1045. Or, le système instauré par la loi de 1983 pour l’intervention de l’assureur au procès pénal est bien différent. Comme l’assureur ne peut opposer que les exceptions qui l’exonèrent totalement de la garantie et non celles qui remettent seulement en cause l’étendue de son obligation au titre de cette garantie, le juge répressif ne peut statuer sur l’engagement de l’assureur, sauf pour constater son inexistence et mettre l’assureur hors de cause.

Lorsque l’assureur ne peut faire valoir que des moyens tenant à l’étendue de son engagement, le juge répressif ne peut ni le mettre hors de cause, ni statuer sur la garantie.

En conséquence, il n’est pas possible au juge pénal de prononcer une condamnation de l’assureur au titre de la garantie et la victime doit saisir le juge civil d’une deuxième instance pour faire trancher le problème de la garantie et obtenir une condamnation de l’assureur à son profit.
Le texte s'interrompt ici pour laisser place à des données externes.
(* Let $j>0$ and $a_0,\dots,a_j\in\mathbb{Z}$, and let $p(t)=a_0+a_1t+\cdots+a_jt^j$. Suppose there is an integer polynomial $q(t)=b_0+b_1t+\cdots+b_\ell t^\ell$ with $p(t)\,q(t)=1-t^{j+\ell}$. For each integer $n\ge j+1$ let $G_n$ be the abelian group with generators $x_i$, $i\in\mathbb{Z}/n\mathbb{Z}$, and relations $a_0x_i+a_1x_{i+1}+\cdots+a_jx_{i+j}=0$ for every $i\in\mathbb{Z}/n\mathbb{Z}$. Then $G_n\cong G_{n+j+\ell}$ for every $n\ge j+1$. *)

From HB Require Import structures.
From mathcomp Require Import all_boot all_order all_algebra.
Set Implicit Arguments. Unset Strict Implicit. Unset Printing Implicit Defensive.
Import Order.TTheory GRing.Theory Num.Theory.
Local Open Scope ring_scope.

(* Relation matrix of G_n: row i (i in Z/nZ, represented by 'I_n) is the
   coefficient vector of the relation  a_0 x_i + a_1 x_{i+1} + ... + a_j x_{i+j},
   indices taken mod n. *)
Definition relmx (j : nat) (a : nat -> int) (n : nat) : 'M[int]_n :=
  \matrix_(i < n, k < n) \sum_(t < j.+1 | ((i + t) %% n)%N == k) a t.

(* u (an element of the free abelian group Z^n on x_0..x_{n-1}) lies in the
   subgroup generated by the relations, i.e. u = 0 in G_n. *)
Arguments relmx : clear implicits.
Definition inrel (j : nat) (a : nat -> int) (n : nat) (u : 'rV[int]_n) : Prop :=
  exists w : 'rV[int]_n, u = w *m relmx j a n.

Arguments inrel : clear implicits.
(* G_n = Z^n / <relations>.  An isomorphism G_n -> G_m is given by a group
   homomorphism phi : Z^n -> Z^m (every hom out of G_n lifts to the free group)
   which maps the relation subgroup into the relation subgroup (well defined),
   whose induced map is injective, and whose induced map is surjective. *)
Definition G_iso (j : nat) (a : nat -> int) (n m : nat) : Prop :=
  exists phi : 'rV[int]_n -> 'rV[int]_m,
    {morph phi : x y / x + y} /\
    (forall u, inrel j a n u <-> inrel j a m (phi u)) /\
    (forall y, exists x, inrel j a m (phi x - y)).

From HB Require Import structures.
From mathcomp Require Import all_boot all_order all_algebra.
From mathcomp Require Import ring.
Import GRing.Theory Pdiv.CommonRing Pdiv.RingMonic.
Local Open Scope ring_scope.
Set Implicit Arguments. Unset Strict Implicit.

(* Identify the free abelian group Z^m on x_0, ..., x_(m-1)
   with the quotient ring Z[t]/(t^m - 1), x_i corresponding to t^i: a row
   vector u is sent to the polynomial rVpoly u, and a polynomial f is sent
   back to the coefficient row of its remainder modulo the monic polynomial
   t^m - 1 (the "cyclic reduction" cyc_red f).  Under this identification the
   relation (a_0, ..., a_j) at index i is the class of t^i p, so the relation
   subgroup of G_m is the image of the ideal (p, t^m - 1) of Z[t], and
   G_m = Z[t]/(p, t^m - 1).  If p q = 1 - t^s then t^s = 1 modulo p, hence
   t^(n+s) - 1 = t^n - 1 modulo p and the ideals (p, t^n - 1) and
   (p, t^(n+s) - 1) coincide.  The isomorphism G_n -> G_(n+s) is thus induced
   by the identity of Z[t], i.e. by u |-> cyc_red (rVpoly u). *)

Definition rel_ideal (m : nat) (p f : {poly int}) : Prop :=
  exists c h, f = c * p + h * ('X^m - 1).

Section CyclicReduction.

Variable m : nat.
Hypothesis m_gt0 : (0 < m)%N.

(* t^m - 1 is monic of degree m, so division by it is exact over Z. *)
Lemma monic_cyc : ('X^m - 1 : {poly int}) \is monic.
Proof. by have := monicXnsubC (1 : int) m_gt0; rewrite polyC1. Qed.

Lemma size_cyc : size ('X^m - 1 : {poly int}) = m.+1.
Proof. by have := size_XnsubC (1 : int) m_gt0; rewrite polyC1. Qed.

Definition cyc_red (f : {poly int}) : 'rV[int]_m :=
  poly_rV (rmodp f ('X^m - 1)).

Lemma cyc_red_is_semilinear : semilinear cyc_red.
Proof.
split=> [c f | f g]; rewrite /cyc_red ?rmodpZ ?rmodpD ?monic_cyc //.
  exact: linearZ.
exact: raddfD.
Qed.

HB.instance Definition _ := GRing.isSemilinear.Build int {poly int} 'rV[int]_m _
  cyc_red cyc_red_is_semilinear.

Lemma cyc_red_mull (g : {poly int}) : cyc_red (g * ('X^m - 1)) = 0.
Proof. by rewrite /cyc_red rmodp_mull ?monic_cyc // linear0. Qed.

Lemma cyc_red_rVpoly (u : 'rV[int]_m) : cyc_red (rVpoly u) = u.
Proof.
rewrite /cyc_red rmodp_small ?rVpolyK // size_cyc ltnS.
by rewrite size_poly.
Qed.

Lemma cyc_red_lift (f : {poly int}) :
  exists g, f = rVpoly (cyc_red f) + g * ('X^m - 1).
Proof.
exists (rdivp f ('X^m - 1)); rewrite addrC /cyc_red poly_rV_K.
  exact: rdivp_eq monic_cyc _.
by rewrite -ltnS -size_cyc ltn_rmodp -size_poly_eq0 size_cyc.
Qed.

Lemma cyc_red_eq0 (f : {poly int}) :
  cyc_red f = 0 <-> exists g, f = g * ('X^m - 1).
Proof.
split=> [f0 | [g ->]]; last exact: cyc_red_mull.
by have [g f_g] := cyc_red_lift f; exists g; rewrite f_g f0 raddf0 add0r.
Qed.

Lemma cyc_red_Xn (e : nat) :
  cyc_red 'X^e = delta_mx 0 (Ordinal (ltn_pmod e m_gt0)).
Proof.
have t_m_multiple : 'X^(e %/ m * m) - 1 =
    \sum_(i < e %/ m) 'X^(m * i) * ('X^m - 1) :> {poly int}.
  rewrite -mulr_suml mulrC mulnC exprM subrX1; congr (_ * _).
  by apply: eq_bigr => i _; rewrite exprM.
rewrite {1}(divn_eq e m) exprD -[X in X * _](subrK 1) mulrDl mul1r.
rewrite raddfD /= t_m_multiple mulr_suml raddf_sum /= big1 ?add0r.
  by rewrite -(@rVpoly_delta _ m (Ordinal (ltn_pmod e m_gt0))) cyc_red_rVpoly.
by move=> i _; rewrite mulrAC cyc_red_mull.
Qed.

End CyclicReduction.

Section RelationMatrix.

Variables (j : nat) (a : nat -> int) (m : nat).
Hypothesis m_gt0 : (0 < m)%N.
Let p : {poly int} := \poly_(t < j.+1) a t.

Lemma relmx_row (i : 'I_m) :
  row i (relmx j a m) = cyc_red m ('X^i * p).
Proof.
rewrite /p poly_def mulr_sumr raddf_sum /=; apply/rowP => k.
rewrite !mxE summxE [LHS]big_mkcond /=; apply: eq_bigr => t _.
rewrite -scalerAr linearZ /= -exprD (cyc_red_Xn m_gt0) !mxE /=.
rewrite eq_sym -val_eqE /=.
by case: ifP => _; rewrite ?mulr1 ?mulr0.
Qed.

Lemma cyc_red_mulp (f : {poly int}) :
  cyc_red m (f * p) = cyc_red m f *m relmx j a m.
Proof.
have [g ->] := cyc_red_lift m_gt0 f.
rewrite mulrDl mulrAC !raddfD /= !cyc_red_mull // !addr0 cyc_red_rVpoly //.
rewrite mulmx_sum_row [X in rVpoly X]row_sum_delta !raddf_sum mulr_suml.
rewrite raddf_sum; apply: eq_bigr => i _ /=.
rewrite [rVpoly _]linearZ /= rVpoly_delta -scalerAl.
by rewrite [cyc_red m _]linearZ /= relmx_row.
Qed.

Lemma inrel_cyc_red (f : {poly int}) :
  inrel j a m (cyc_red m f) <-> rel_ideal m p f.
Proof.
split=> [[w f_rel] | [c [h ->]]].
  have : cyc_red m (f - rVpoly w * p) = 0.
    by rewrite raddfB /= cyc_red_mulp cyc_red_rVpoly // f_rel subrr.
  case/(cyc_red_eq0 m_gt0) => h f_h; exists (rVpoly w), h.
  by rewrite -f_h addrC subrK.
exists (cyc_red m c).
by rewrite raddfD /= cyc_red_mull // addr0 cyc_red_mulp.
Qed.

End RelationMatrix.

(* If p q = 1 - t^s, the ideals (p, t^n - 1) and (p, t^(n+s) - 1) coincide,
   since t^(n+s) - 1 = (t^n - 1) - t^n q p. *)
Lemma rel_ideal_shift (n s : nat) (p q f : {poly int}) :
  p * q = 1 - 'X^s -> rel_ideal n p f <-> rel_ideal (n + s) p f.
Proof.
move=> pq; have Xs : 'X^s = 1 - p * q by rewrite pq; ring.
split=> [[c [h ->]] | [c [h ->]]].
  by exists (c + h * 'X^n * q), h; rewrite exprD Xs; ring.
by exists (c - h * 'X^n * q), h; rewrite exprD Xs; ring.
Qed.

Theorem theorem5p5 (j l : nat) (a b : nat -> int) (hj : (0 < j)%N)
  (hpq : (\poly_(i < j.+1) a i) * (\poly_(i < l.+1) b i) = 1 - 'X^(j + l))
  (n : nat) (hn : (j.+1 <= n)%N) :
  G_iso j a n (n + j + l).
Proof.
have n_gt0 : (0 < n)%N by apply: leq_trans hn.
have N_gt0 : (0 < n + j + l)%N by rewrite -addnA ltn_addr.
have same_ideal f : rel_ideal n (\poly_(i < j.+1) a i) f <->
                    rel_ideal (n + j + l) (\poly_(i < j.+1) a i) f.
  by rewrite -addnA; apply: rel_ideal_shift hpq.
exists (fun u => cyc_red (n + j + l) (rVpoly u)); split; last split.
- by move=> x y; rewrite !raddfD.
- by move=> u; rewrite -{1}(cyc_red_rVpoly n_gt0 u) !inrel_cyc_red.
- move=> y; set x := cyc_red n (rVpoly y); exists x.
  rewrite -{1}(cyc_red_rVpoly N_gt0 y) -raddfB inrel_cyc_red //.
  apply/same_ideal.
  have : cyc_red n (rVpoly x - rVpoly y) = 0.
    by rewrite raddfB /= cyc_red_rVpoly // subrr.
  by case/(cyc_red_eq0 n_gt0) => g ->; exists 0, g; rewrite mul0r add0r.
Qed.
Cet inconvénient de la loi de 1983 a été dénoncé à maintes reprises1599.

1046. Critique des dispositions légales. Monsieur Alessandra a même proposé, en dépit de la lettre claire de l’article 385-1, d’interpréter ce texte comme permettant au juge pénal de profiter au maximum de la présence devant lui de toutes les parties concernées et de se prononcer à la fois sur la réduction proportionnelle et sur le fond du litige1600.

Mais cette interprétation ouvertement contra legem n’a pas été retenue par la jurisprudence. Il apparaît en effet que le système actuellement en place, bien que très peu satisfaisant, correspond à la volonté des auteurs de la loi de 1983.

1047. Il convient en premier lieu de rappeler qu’une exception visant seulement à une limitation de garantie n’est pas une exception « tendant à mettre l’assureur hors de cause » aux termes de l’article 385-1 du Code de procédure pénale.

La présence de l’assureur aux débats reste justifiée par la part non contestée de garantie. Or, il ressort clairement des travaux parlementaires que l’exception de garantie invoquée par l’assureur devant le juge répressif n’a pas pour but de déterminer l’étendue de la garantie, mais de permettre la mise hors de cause de l’assureur qui ne doit pas du tout sa garantie et dont la présence devant le juge répressif apparaît alors rigoureusement inutile. Il semble donc logique que seule l’exception de nature à exonérer totalement l’assureur de garantie soit recevable.

1048. En second lieu, la nécessité pour la victime de saisir le juge civil d’une deuxième instance si elle veut obtenir la condamnation de l’assureur est une conséquence voulue par le législateur.

L’impossibilité pour le juge répressif de connaître des exceptions ne tendant qu’à une exonération partielle de garantie est certes un inconvénient au regard de l’action civile, car le juge répressif ne pouvant statuer sur la garantie, il ne peut prononcer la condamnation de l’assureur à indemniser la victime.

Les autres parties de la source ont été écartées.